Development accounting exercises conclude that productivity differences are central in understanding why some countries are richer than others (Klenow and Rodriguez-Clare, 1997; Prescott, 1998, Hall and Jones, 1999, Caselli, 2005). What does determine cross country productivity differences?

A growing literature emphasizes differences in management practices as a source of productivity differences; see Bloom and Van Reenen (2011) and Bloom et al. (2016), among others. Management practices differ greatly, both across countries and across firms within a given country, and better management practices are associated with better performance (total factor productivity, profitability, survival etc.). U.S. firms on average have the best management practices, and the quality of management declines rather sharply as one moves to poorer countries.

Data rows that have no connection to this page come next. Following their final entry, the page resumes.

(* Let $\mathcal{S}=\langle\mathcal{L},\vdash\rangle$ be a logical structure and $\varrho\subseteq\mathcal{P}(\mathcal{L})\times\mathcal{L}$. (i) $\langle\mathcal{L},\vdash^\varrho\rangle$ and $\langle\mathcal{L},\vdash^{p\varrho}\rangle$ are monotonic. (ii) If $\mathcal{S}$ is monotonic, then $\vdash^\varrho\,\subseteq\,\vdash$ and $\vdash^{p\varrho}\,\subseteq\,\vdash$. (iii) $(\vdash^\varrho)^\varrho\,=\,\vdash^\varrho$ and $(\vdash^{p\varrho})^{p\varrho}\,=\,\vdash^{p\varrho}$.
   Context: A logical structure is a pair $\langle\mathcal{L},\vdash\rangle$ where $\mathcal{L}$ is a set and $\vdash\subseteq\mathcal{P}(\mathcal{L})\times\mathcal{L}$ (no further conditions). It is monotonic if $\Gamma\vdash\alpha$ and $\Gamma\subseteq\Sigma$ imply $\Sigma\vdash\alpha$. For $\varrho\subseteq\mathcal{P}(\mathcal{L})\times\mathcal{L}$, the $\varrho$-companion $\vdash^\varrho$ is defined by: $\Gamma\vdash^\varrho\alpha$ iff there is $\Delta\subseteq\Gamma$ with $(\Delta,\alpha)\in\varrho$ and $\Delta\vdash\alpha$. The pure $\varrho$-companion $\vdash^{p\varrho}$ is defined by: $\Gamma\vdash^{p\varrho}\alpha$ iff there is a nonempty $\Delta\subseteq\Gamma$ with $(\Delta,\alpha)\in\varrho$ and $\Delta\vdash\alpha$. $(\vdash^\varrho)^\varrho$ is the $\varrho$-companion of $\langle\mathcal{L},\vdash^\varrho\rangle$, and similarly for the pure case. *)

Definition lset (L : Type) := L -> Prop.
Definition crel (L : Type) := lset L -> L -> Prop.

Definition subset {L : Type} (A B : lset L) : Prop := forall x, A x -> B x.

Definition nonempty {L : Type} (A : lset L) : Prop := exists x, A x.

Definition monotonic {L : Type} (vd : crel L) : Prop :=
  forall (Gamma Sigma : lset L) (a : L), vd Gamma a -> subset Gamma Sigma -> vd Sigma a.

Definition companion {L : Type} (rho vd : crel L) : crel L :=
  fun Gamma a => exists Delta : lset L, subset Delta Gamma /\ rho Delta a /\ vd Delta a.

Definition pcompanion {L : Type} (rho vd : crel L) : crel L :=
  fun Gamma a => exists Delta : lset L,
    nonempty Delta /\ subset Delta Gamma /\ rho Delta a /\ vd Delta a.

Definition rsubset {L : Type} (r s : crel L) : Prop := forall G a, r G a -> s G a.
Definition requiv {L : Type} (r s : crel L) : Prop := forall G a, r G a <-> s G a.


(* Both companions are monotonic because their witness [Delta] only has to be
   contained in [Gamma], and a monotonic relation contains its companions.
   Idempotence follows: the companion of a companion is contained in it since
   the companion is monotonic, and conversely every witness [Delta] of
   [Gamma |-^rho a] is its own witness of [Delta |-^rho a]. *)

Lemma subset_refl {L : Type} (A : lset L) : subset A A.
Proof. intros x Hx; exact Hx. Qed.

Lemma subset_trans {L : Type} (A B C : lset L) :
  subset A B -> subset B C -> subset A C.
Proof. intros HAB HBC x Hx; apply HBC, HAB, Hx. Qed.

Section Companions.

Variables (L : Type) (rho : crel L).

Lemma companion_monotonic (vd : crel L) : monotonic (companion rho vd).
Proof.
  intros G S a [D [HDG [Hrho Hvd]]] HGS.
  exists D; split; [exact (subset_trans D G S HDG HGS) | split; assumption].
Qed.

Lemma pcompanion_monotonic (vd : crel L) : monotonic (pcompanion rho vd).
Proof.
  intros G S a [D [Hne [HDG [Hrho Hvd]]]] HGS.
  exists D; split; [exact Hne | split; [exact (subset_trans D G S HDG HGS) | split; assumption]].
Qed.

Lemma companion_sub (vd : crel L) : monotonic vd -> rsubset (companion rho vd) vd.
Proof. intros Hmono G a [D [HDG [_ Hvd]]]; exact (Hmono D G a Hvd HDG). Qed.

Lemma pcompanion_sub (vd : crel L) : monotonic vd -> rsubset (pcompanion rho vd) vd.
Proof. intros Hmono G a [D [_ [HDG [_ Hvd]]]]; exact (Hmono D G a Hvd HDG). Qed.

Lemma companion_self (vd : crel L) (D : lset L) (a : L) :
  rho D a -> vd D a -> companion rho vd D a.
Proof. intros Hrho Hvd; exists D; split; [apply subset_refl | split; assumption]. Qed.

Lemma pcompanion_self (vd : crel L) (D : lset L) (a : L) :
  nonempty D -> rho D a -> vd D a -> pcompanion rho vd D a.
Proof.
  intros Hne Hrho Hvd.
  exists D; split; [exact Hne | split; [apply subset_refl | split; assumption]].
Qed.

Lemma companion_idem (vd : crel L) :
  requiv (companion rho (companion rho vd)) (companion rho vd).
Proof.
  intros G a; split.
  - apply companion_sub, companion_monotonic.
  - intros [D [HDG [Hrho Hvd]]].
    exists D; split; [exact HDG | split; [exact Hrho | exact (companion_self vd D a Hrho Hvd)]].
Qed.

Lemma pcompanion_idem (vd : crel L) :
  requiv (pcompanion rho (pcompanion rho vd)) (pcompanion rho vd).
Proof.
  intros G a; split.
  - apply pcompanion_sub, pcompanion_monotonic.
  - intros [D [Hne [HDG [Hrho Hvd]]]].
    exists D; split; [exact Hne | split; [exact HDG | split; [exact Hrho |]]].
    exact (pcompanion_self vd D a Hne Hrho Hvd).
Qed.

End Companions.

Theorem theorem3p6 (L : Type) (vd rho : crel L) :
  (monotonic (companion rho vd) /\ monotonic (pcompanion rho vd)) /\
  (monotonic vd -> rsubset (companion rho vd) vd /\ rsubset (pcompanion rho vd) vd) /\
  (requiv (companion rho (companion rho vd)) (companion rho vd) /\
   requiv (pcompanion rho (pcompanion rho vd)) (pcompanion rho vd)).
Proof.
  split; [| split].
  - split; [apply companion_monotonic | apply pcompanion_monotonic].
  - intros Hmono; split; [apply companion_sub | apply pcompanion_sub]; exact Hmono.
  - split; [apply companion_idem | apply pcompanion_idem].
Qed.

In this paper, we present novel evidence on the earnings of managers and their relation with output per worker. We first document that age-earnings profiles of managers differ non-trivially across countries. Using microdata for a set of high-income countries, we show that earnings of managers grow much faster than the earnings of individuals who have non-managerial occupations in most countries. In the United States, the earnings of managers grow by about 75% during prime working ages (between ages 25–29 to 50–54), while the earnings growth for non-managers is about 40%. This gap is weaker in other countries in our sample. In Belgium, for instance, earnings growth of managers in prime working years is about 65% whereas earnings growth of non-managers is similar to the U.S. On the other extreme, we find that in Spain the earnings of non-managers grow more than those of managers over the life-cycle.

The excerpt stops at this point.